**PROBLEM TO WORK ON**
From the line below that contains "meets every left H-orbit exactly once). *)" to the line that contains "(* r lists exactly", repeat every line exactly, both ends included, and nothing else.

RECORDS SHOWN START

(* Let $B$ be a left-free $H$-$G$-biset with a finite basis $S$, and let $g\in G$. Choose a basis $S$ and write $\Phi(g)=\langle h_s\rangle_{s\in S}\pi$ for the associated wreath map; let $S_1,\dots,S_\ell$ be the orbits of $\pi$ on $S$, and for each $j$, writing $S_j=\{s_1,\dots,s_{d_j}\}$ with $s_i^\pi=s_{i+1}$ (indices modulo $d_j$), let $k_j=h_{s_1}h_{s_2}\cdots h_{s_{d_j}}$. Then the multiset $\{(d_j,k_j^H)\mid j=1,\dots,\ell\}$ of pairs (degree, $H$-conjugacy class), called the lift of $g^G$, is independent of the choice of $g$ in its conjugacy class $g^G$, of the basis $S$, and of the cyclic ordering chosen for each orbit $S_j$.
   Context: An $H$-$G$-biset $B$ is left-free if as a left $H$-set it is isomorphic to $H\times S$; a basis is a subset $S$ containing exactly one element from each left $H$-orbit. The wreath map $\Phi\colon G\to H\wr\mathrm{Sym}(S)$ is defined by $\Phi(g)=\langle h_s\rangle_{s\in S}\pi$ where $sg=h_s\,s^\pi$ for all $s\in S$ (with $h_s\in H$, $s^\pi\in S$). $k^H$ denotes the conjugacy class of $k$ in $H$. *)

From Stdlib Require Import Permutation.
From Stdlib Require List.
From mathcomp Require Import all_boot.
Set Implicit Arguments. Unset Strict Implicit. Unset Printing Implicit Defensive.

Record group_str (T : Type) := GroupStr {
  gmul : T -> T -> T;
  ginv : T -> T;
  gone : T;
  gmulA : forall x y z, gmul x (gmul y z) = gmul (gmul x y) z;
  gmul1 : forall x, gmul gone x = x;
  gmulV : forall x, gmul (ginv x) x = gone
}.

Record biset (H G B : Type) (gH : group_str H) (gG : group_str G) := Biset {
  actl : H -> B -> B;
  actr : B -> G -> B;
  actl1 : forall b, actl (gone gH) b = b;
  actlM : forall h1 h2 b, actl (gmul gH h1 h2) b = actl h1 (actl h2 b);
  actr1 : forall b, actr b (gone gG) = b;
  actrM : forall b g1 g2, actr b (gmul gG g1 g2) = actr (actr b g1) g2;
  actlr : forall h b g, actr (actl h b) g = actl h (actr b g)
}.

(* e : 'I_n -> B is a (finite) basis of the left-free biset:
   every b is uniquely h . e i (so B = H x S as left H-sets, S = image of e
   meets every left H-orbit exactly once). *)
Definition is_basis H G B gH gG (X : @biset H G B gH gG) n (e : 'I_n -> B) :=
  forall b, exists h i, b = actl X h (e i) /\
    forall h' i', b = actl X h' (e i') -> h' = h /\ i' = i.

(* (h, pi) is the wreath map data of g w.r.t. basis e:  s_i g = h_i s_{pi i}. *)
Definition is_wreath H G B gH gG (X : @biset H G B gH gG) n (e : 'I_n -> B)
    (g : G) (h : 'I_n -> H) (pi : 'I_n -> 'I_n) :=
  forall i, actr X (e i) g = actl X (h i) (e (pi i)).

(* r lists exactly one starting point s_1 for each orbit of pi. *)
Definition orbit_reps n (pi : 'I_n -> 'I_n) (r : seq 'I_n) :=
  forall i, count (fun x => fconnect pi x i) r = 1.

Definition cycle_prod H (gH : group_str H) n (h : 'I_n -> H) (pi : 'I_n -> 'I_n)
    (x : 'I_n) : H :=
  foldr (fun m acc => gmul gH (h (iter m pi x)) acc) (gone gH)
        (iota 0 (fingraph.order pi x)).

Definition lift_list H (gH : group_str H) n (h : 'I_n -> H) (pi : 'I_n -> 'I_n)
    (r : seq 'I_n) : seq (nat * H) :=
  [seq (fingraph.order pi x, cycle_prod gH h pi x) | x <- r].

Definition conjugate H (gH : group_str H) (k k' : H) :=
  exists y, k' = gmul gH (ginv gH y) (gmul gH k y).

(* equality of the multisets {(d_j, k_j^H)} *)
Definition same_lift H (gH : group_str H) (L L' : seq (nat * H)) :=
  exists L'', Permutation L' L'' /\
    List.Forall2 (fun p q => p.1 = q.1 /\ conjugate gH p.2 q.2) L L''.

(** A change of basis and a conjugation [g' = x^-1 g x] are handled at once
    by a second basis [e'] with [e i . x = psi i . e' (phi i)]. Then [phi]
    conjugates the permutation [pi] of [g] into the permutation [pi'] of [g'],
    and [psi i] conjugates the cycle product at [i] into the one at [phi i],
    because the cycle product [k] at [i] is characterised by
    [e i . g^d = k . e i], [d] being the length of the cycle. Taking [e' = e]
    and [x = g] shows that rotating the starting point of a cycle conjugates
    its cycle product; this matches [phi] of each representative of [pi] with
    the chosen representative of [pi'] of the same cycle. *)

From Stdlib Require Import Permutation.
From mathcomp Require Import all_boot.
Set Implicit Arguments. Unset Strict Implicit. Unset Printing Implicit Defensive.

Section GroupFacts.

Variables (T : Type) (gT : group_str T).

Lemma gmulgV x : gmul gT x (ginv gT x) = gone gT.
Proof.
set y := ginv gT x.
rewrite -[gmul gT x y](gmul1 gT) -(gmulV gT y) -gmulA (gmulA gT y x y).
by rewrite [gmul gT y x]gmulV gmul1.
Qed.

Lemma gmulg1 x : gmul gT x (gone gT) = x.
Proof. by rewrite -(gmulV gT x) gmulA gmulgV gmul1. Qed.

Lemma ginvM x y : ginv gT (gmul gT x y) = gmul gT (ginv gT y) (ginv gT x).
Proof.
have xyK : gmul gT (gmul gT x y) (gmul gT (ginv gT y) (ginv gT x)) = gone gT.
  by rewrite -gmulA (gmulA gT y) gmulgV gmul1 gmulgV.
by rewrite -[ginv gT _]gmulg1 -xyK gmulA gmulV gmul1.
Qed.
Lemma central_factor_trivial : (forall y, B y -> dcentral y) -> trivial B.
Proof.
move=> Bc b0 Bb0; have [sA [sB [_ [BS _]]]] := dAB.
have covA i : covers p q A i by apply: (central_complement_covers dS dAB).
have [c1 [e1 [c2 [e2 [c1_int e1_int c2_int e2_int Aw]]]]] := covers_f p_gt0 q_gt0 dAB (covA true).
rewrite dcf_expn -[dinj true gf]/(dcf 0 1 0 0) dcfM !add0r in Aw.
have Db0 : Dgrp p q b0 by case: dS => _ [_ [SD _]]; apply/SD/BS.
have [v1 [f1 [v2 [f2 [b0E v1_int f1_int v2_int f2_int]]]]] :=
  Dgrp_dcentral p_gt0 q_gt0 Db0 (Bc _ Bb0).
subst b0.
(* Cramer's rule: K (f1, f2) = al (1 + p e1, p e2) + be (1, -1) *)
set K := 1 + p%:R * (e1 + e2); set al := f1 + f2.
set be := p%:R * e2 * f1 - (1 + p%:R * e1) * f2.
set g1 := K * v1 - al * (p%:R * c1); set g2 := K * v2 - al * (p%:R * c2).
apply: (dcf_torsionfree (k := K)); first by apply: one_plus_natr_mul_neq0; num_int.
have BK : B (dcf (K * v1) (K * f1) (K * v2) (K * f2)).
  by apply: (group_dcf_int sB Bb0); rewrite /K; num_int.
have Ag : A (dcf g1 0 g2 0).
  apply: (group_dcf_lattice p_gt0 q_gt0 sA (covers_lattice p_gt0 q_gt0 dAB (covA true))
                                           (covers_lattice p_gt0 q_gt0 dAB (covA false))).
  - have -> : p%:R * g1 = K * (p%:R * v1) - al * p%:R * (p%:R * c1) by rewrite /g1; ring.
    by rewrite /K /al; num_int.
  - have -> : q%:R * g2 = K * (q%:R * v2) - al * p%:R * (q%:R * c2) by rewrite /g2; ring.
    by rewrite /K /al; num_int.
have al_int : al \is a Num.int by rewrite /al; num_int.
have be_int : be \is a Num.int by rewrite /be; num_int.
have AK := groupM sA (group_dcf_int sA Aw al_int) Ag; rewrite dcfM in AK.
have := complement_uniq dS dAB (group1 sA) BK (group1 Tgrp_subgroup)
  AK (group1 sB) (Tgrp_int be_int).
case; last by move=> _ ->.
by rewrite mulg1 mul1g mulg1 dcfM; congr dcf; rewrite /g1 /g2 /be /K /al; ring.
Qed.
(* Let particles occupy a finite connected set of nodes of the triangular grid, where every particle has ports $0,\dots,5$ with port $0$ leading East and port $3$ leading West for all particles, and ports $i$, $i+1 \bmod 6$ leading to adjacent nodes, the circular orientation of the other ports possibly differing between particles. Let $G$ be a grey component, and let $\{p,p'\}$ be a pair of particles of $G$ that are neighbours on at least one boundary of $G$, where boundaries of $G$ are taken with both endpoints of every dark blue edge treating the other endpoint as a non-particle node. Suppose every particle forwards messages along boundaries by the following procedure. If $p_s,p_1,p_2$ are consecutive particles on a boundary $B$, $o_1$ is the common non-particle neighbour of $p_s,p_1$ on $B$ and $o_2$ the common non-particle neighbour of $p_1,p_2$ on $B$, then when $p_s$ sends a message to $p_1$ it attaches as boundary-label the label, in $p_1$'s own port numbering, of the port of $p_1$ leading to $o_1$. When $p_1$ receives the message through its port $z$, it takes as next particle the first particle reached when following its ports in the cyclic order $z$, boundary-label, $\dots$ (call it $p_2$); it determines whether it has the same chirality as $p_2$ (via port labels of the edge $p_1p_2$ if it is a grey edge, or via the common occupied neighbour if it is a light blue edge). Letting $x$ be the port of $p_1$ to $p_2$, $y$ the port of $p_2$ to $p_1$, and $i$ the port of $p_1$ to $o_2$, $p_1$ computes $j = y+1 \bmod 6$ if ($p_1,p_2$ have the same chirality and $i = x-1 \bmod 6$) or (they have different chirality and $i = x+1 \bmod 6$), and $j = y-1 \bmod 6$ otherwise; it then sends the message to $p_2$ with boundary-label $j$. A particle originating a message chooses the boundary on which it sends it and attaches the boundary-label accordingly. Then any message passed from $p$ to $p'$ by this procedure always remains on the same boundary, i.e., the boundary-label received by $p'$ is the label (in $p'$'s numbering) of the port of $p'$ leading to the common non-particle neighbour of $p$ and $p'$ defining the boundary on which the message is being forwarded.
   Context: A local boundary is a pair $(uv,o)$ where $uv$ is an edge between particle nodes and $o$ is a non-particle node adjacent to both $u$ and $v$. A boundary is a cyclic sequence of local boundaries $(u_1u_2,o_1),(u_2u_3,o_2),\dots,(u_ku_1,o_k)$ such that, rotating around $u_i$ from $u_{i-1}$ to $u_{i+1}$, only non-particle nodes are encountered, starting with $o_{i-1}$ and ending with $o_i$ (possibly $o_{i-1}=o_i$); $u,v$ with $(uv,o)$ on it are neighbours on the boundary. A horizontal path consists of particles that lie on at least one boundary and are connected through their ports $0$ and $3$. An edge of a horizontal path between two particles with no common neighbouring particle is a dark blue edge; an edge of a horizontal path between two particles with exactly one common neighbouring particle is a light blue edge; all other edges between particles are grey edges. A grey component is a maximal set of particles connected by grey and light blue edges (not using dark blue edges). Two particles joined by a grey edge through ports $i$ and $i'$ have the same chirality iff $i+3 \equiv i' \pmod 6$. *)

From HB Require Import structures.
From mathcomp Require Import all_boot all_order all_algebra.
From mathcomp Require Import boolp.
Set Implicit Arguments. Unset Strict Implicit. Unset Printing Implicit Defensive.
Import Order.TTheory GRing.Theory Num.Theory.
Local Open Scope ring_scope.

(* Nodes of the triangular grid in axial coordinates. *)
Definition node := (int * int)%type.

(* The six directions, counterclockwise starting from East:
   0 = E, 1 = NE, 2 = NW, 3 = W, 4 = SW, 5 = SE. *)
Definition dir (d : 'I_6) : int * int :=
  match val d with
  | 0%N => (1, 0) | 1%N => (0, 1) | 2%N => (-1, 1)
  | 3%N => (-1, 0) | 4%N => (0, -1) | _ => (1, -1)
  end.

Definition addN (u : node) (d : 'I_6) : node := (u.1 + (dir d).1, u.2 + (dir d).2).

Definition adj (u v : node) : bool := [exists d : 'I_6, v == addN u d].

(* the direction d with v = u + dir d (junk 0 if not adjacent) *)
Definition dirTo (u v : node) : 'I_6 := odflt 0 [pick d : 'I_6 | v == addN u d].

Definition rotN (c : node) (d : 'I_6) (s : bool) (t : nat) : node :=
  addN c (d + (if s then t%:R else - t%:R)).

Section Boundaries.
(* S : the particle nodes; occ u v : node v is seen as a particle by u. *)
Variables (S : seq node) (occ : node -> node -> bool).

Definition localBoundary (u v o : node) : bool :=
  [&& u \in S, v \in S, adj u v, occ u v, occ v u,
      adj u o, adj v o, ~~ occ u o & ~~ occ v o].

(* a boundary is a cyclic sequence [(u_1,o_1); ...; (u_k,o_k)] standing for
   the local boundaries (u_1u_2,o_1), ..., (u_ku_1,o_k) *)
Definition bu (B : seq (node * node)) (j : nat) : node :=
  (nth (0, 0) B (j %% size B)).1.
Definition bo (B : seq (node * node)) (j : nat) : node :=
  (nth (0, 0) B (j %% size B)).2.

Definition isBoundary (B : seq (node * node)) : Prop :=
  (0 < size B)%N /\
  forall j, (j < size B)%N ->
    localBoundary (bu B j) (bu B j.+1) (bo B j) /\
    (* rotating around u_{j+1} from u_j to u_{j+2}: only non-particle nodes,
       starting with o_j and ending with o_{j+1} *)
    exists (s : bool) (m : nat),
      (2 <= m <= 6)%N /\
      let c := bu B j.+1 in let d := dirTo c (bu B j) in
      [/\ rotN c d s 1 = bo B j, rotN c d s m.-1 = bo B j.+1,
          rotN c d s m = bu B j.+2 &
          forall t, (1 <= t < m)%N -> ~~ occ c (rotN c d s t)].

Definition onBoundary (u : node) : Prop :=
  exists B, isBoundary B /\ exists2 j, (j < size B)%N & bu B j = u.

End Boundaries.

Section Particles.
(* P : the particles; portDir u k : the direction of the node port k of u
   leads to. *)
Variables (P : seq node) (portDir : node -> 'I_6 -> 'I_6).

Definition nbp (u : node) (k : 'I_6) : node := addN u (portDir u k).

(* the port of u leading to v (junk 0 if none) *)
Definition portTo (u v : node) : 'I_6 := odflt 0 [pick k : 'I_6 | nbp u k == v].

(* boundaries of the whole configuration *)
Definition fullOcc (_ v : node) : bool := v \in P.

Definition horizEdge (u v : node) : Prop :=
  [/\ u \in P, v \in P, onBoundary P fullOcc u, onBoundary P fullOcc v &
      (nbp u 0 == v) && (nbp v 3 == u) \/ (nbp v 0 == u) && (nbp u 3 == v)].

Definition ncommon (u v : node) : nat :=
  count (fun w => adj u w && adj v w) (undup P).

Definition darkBlue (u v : node) : Prop := horizEdge u v /\ ncommon u v = 0%N.
Definition lightBlue (u v : node) : Prop := horizEdge u v /\ ncommon u v = 1%N.

(* G is a grey component: a maximal set of particles connected by grey and
   light blue edges, i.e. by edges between particles that are not dark blue *)
Definition nonDarkEdge (G : seq node) (u v : node) : Prop :=
  [/\ u \in G, v \in G, adj u v & ~ darkBlue u v].

Definition greyComponent (G : seq node) : Prop :=
  [/\ G != [::], {subset G <= P},
      (forall u v, u \in G -> v \in G ->
         exists s : seq node,
           [/\ all (fun w => w \in G) s,
               (forall k, (k < size s)%N ->
                  ~ darkBlue (nth u (u :: s) k) (nth u s k)
                  /\ adj (nth u (u :: s) k) (nth u s k)) &
               last u s = v]) &
      (forall u v, u \in G -> v \in P -> adj u v -> ~ darkBlue u v -> v \in G)].

Variable G : seq node.

(* boundaries of G: both endpoints of a dark blue edge see each other as
   non-particle nodes *)
Definition occG (u v : node) : bool :=
  (v \in G) && ~~ `[< darkBlue u v >].

(* chirality test through a grey edge *)
Definition greyTest (a b : node) : bool := portTo a b + 3 == portTo b a.

(* message state: (sender, receiver, boundary-label) *)
Definition msg := (node * node * 'I_6)%type.
Theorem proposition2p2 (L : fieldExtType rat) (a b c d : int) (zeta : L) :
  \dim {:L} = 3%N ->
  cubic_form_irreducible a b c d ->
  root (map_poly (in_alg L) (cubic_poly a b c d)) zeta ->
  <<1%VS; zeta>>%VS = fullv ->
  let rho := a%:~R * zeta in
  let omega := a%:~R * zeta ^+ 2 + b%:~R * zeta in
  (forall z : L, is_integral z <->
     exists u x y : int, z = u%:~R + x%:~R * rho + y%:~R * omega) ->
  exists psi : L -> 'M[rat]_3,
    [/\ forall u x y : rat,
          psi (u%:A + x *: rho + y *: omega) = Nmat a b c d u x y,
        (* psi : K -> M_Q is a field isomorphism *)
        [/\ psi 1 = 1,
            forall z w, psi (z + w) = psi z + psi w,
            forall z w, psi (z * w) = psi z * psi w,
            injective psi &
            forall M, MQ a b c d M <-> exists z, psi z = M],
        (* phi = psi restricted to O_K is a ring isomorphism O_K -> M_Z *)
        [/\ forall z, is_integral z -> MZ a b c d (psi z) &
            forall M, MZ a b c d M -> exists2 z, is_integral z & psi z = M],
        (forall z, field_trace z = \tr (psi z)) &
        (forall z, field_norm z = \det (psi z))].
Proof.
move=> dimL [a_neq0 _] zeta_root zeta_gen rho omega integralE.
exists (Nmx L a b c d zeta); split.
- exact: Nmx_coords.
- by split; [exact: Nmx1 | exact: NmxD | exact: NmxM | exact: Nmx_inj | exact: MQ_Nmx].
- split=> [z /integralE[u [x [y ->]]] | M [u [x [y ->]]]].
    by exists u, x, y; rewrite Nmx_int_coords.
  exists (u%:~R + x%:~R * rho + y%:~R * omega); last exact: Nmx_int_coords.
  by apply/integralE; exists u, x, y.
- exact: field_traceE.
- exact: field_normE.
Qed.
Definition quadf (R : realType) (n : nat) (A : 'M[R]_n) (v : 'cV[R]_n) : R :=
  (v^T *m A *m v) 0 0.

Definition unitdir (R : realType) (n : nat) (v : 'cV[R]_n) : 'cV[R]_n :=
  if v == 0 then 0 else (norm2 v)^-1 *: v.

Definition Pperp (R : realType) (n : nat) (v : 'cV[R]_n) : 'M[R]_n :=
  1%:M - unitdir v *m (unitdir v)^T.

Definition Esp (R : realType) (d : measure_display) (T : measurableType d)
  (P : probability T R) (f : T -> R) : \bar R :=
  (\int[P]_x (f x)%:E)%E.

(* Write u for the unit direction of g (u = 0 if g = 0), so that
   |P^perp b|^2 = |b|^2 - <u, b>^2.  Since <u, B g> >= lam |g| by the curvature
   hypothesis and <u, r> >= -|r| by Cauchy-Schwarz, <u, b> >= a - |r| with
   a = eta lam |g|; and s >= a - m with a, m >= 0 forces s^2 >= a^2 - 2 a m
   (if m <= a then s^2 >= (a - m)^2, otherwise a^2 - 2 a m < 0).  Integrating
   this pointwise bound gives the first inequality; the second follows from
   E[|g| |r|] <= sqrt(E|g|^2) sqrt(E|r|^2), i.e. Hoelder with p = q = 2. *)

From HB Require Import structures.
From mathcomp Require Import all_boot all_order all_algebra.
From mathcomp Require Import all_classical all_reals all_analysis.
From mathcomp Require Import measurable_realfun.
From mathcomp Require Import ring lra.
Set Implicit Arguments. Unset Strict Implicit. Unset Printing Implicit Defensive.
Import Order.TTheory GRing.Theory Num.Theory numFieldNormedType.Exports.
Local Open Scope ring_scope.

Lemma ler_sqr_of_subr_le (R : realFieldType) (a m s : R) :
  0 <= a -> 0 <= m -> a - m <= s -> a ^+ 2 - 2 * a * m <= s ^+ 2.
Proof.
move=> a0 m0 hs; have [ma|am] := lerP m a; last by nra.
have s0 : 0 <= a - m by lra.
nra.
Qed.

Section euclidean.
Variables (R : realType) (n : nat).
Implicit Types (u v w g : 'cV[R]_n) (c : R).

Definition dot u v : R := \sum_(i < n) u i 0 * v i 0.

Lemma sqnorm_dot v : sqnorm v = dot v v.
Proof. by apply: eq_bigr => i _; rewrite expr2. Qed.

RECORDS SHOWN END

**EXPECTED ANSWER**
   meets every left H-orbit exactly once). *)
Definition is_basis H G B gH gG (X : @biset H G B gH gG) n (e : 'I_n -> B) :=
  forall b, exists h i, b = actl X h (e i) /\
    forall h' i', b = actl X h' (e i') -> h' = h /\ i' = i.

(* (h, pi) is the wreath map data of g w.r.t. basis e:  s_i g = h_i s_{pi i}. *)
Definition is_wreath H G B gH gG (X : @biset H G B gH gG) n (e : 'I_n -> B)
    (g : G) (h : 'I_n -> H) (pi : 'I_n -> 'I_n) :=
  forall i, actr X (e i) g = actl X (h i) (e (pi i)).

(* r lists exactly one starting point s_1 for each orbit of pi. *)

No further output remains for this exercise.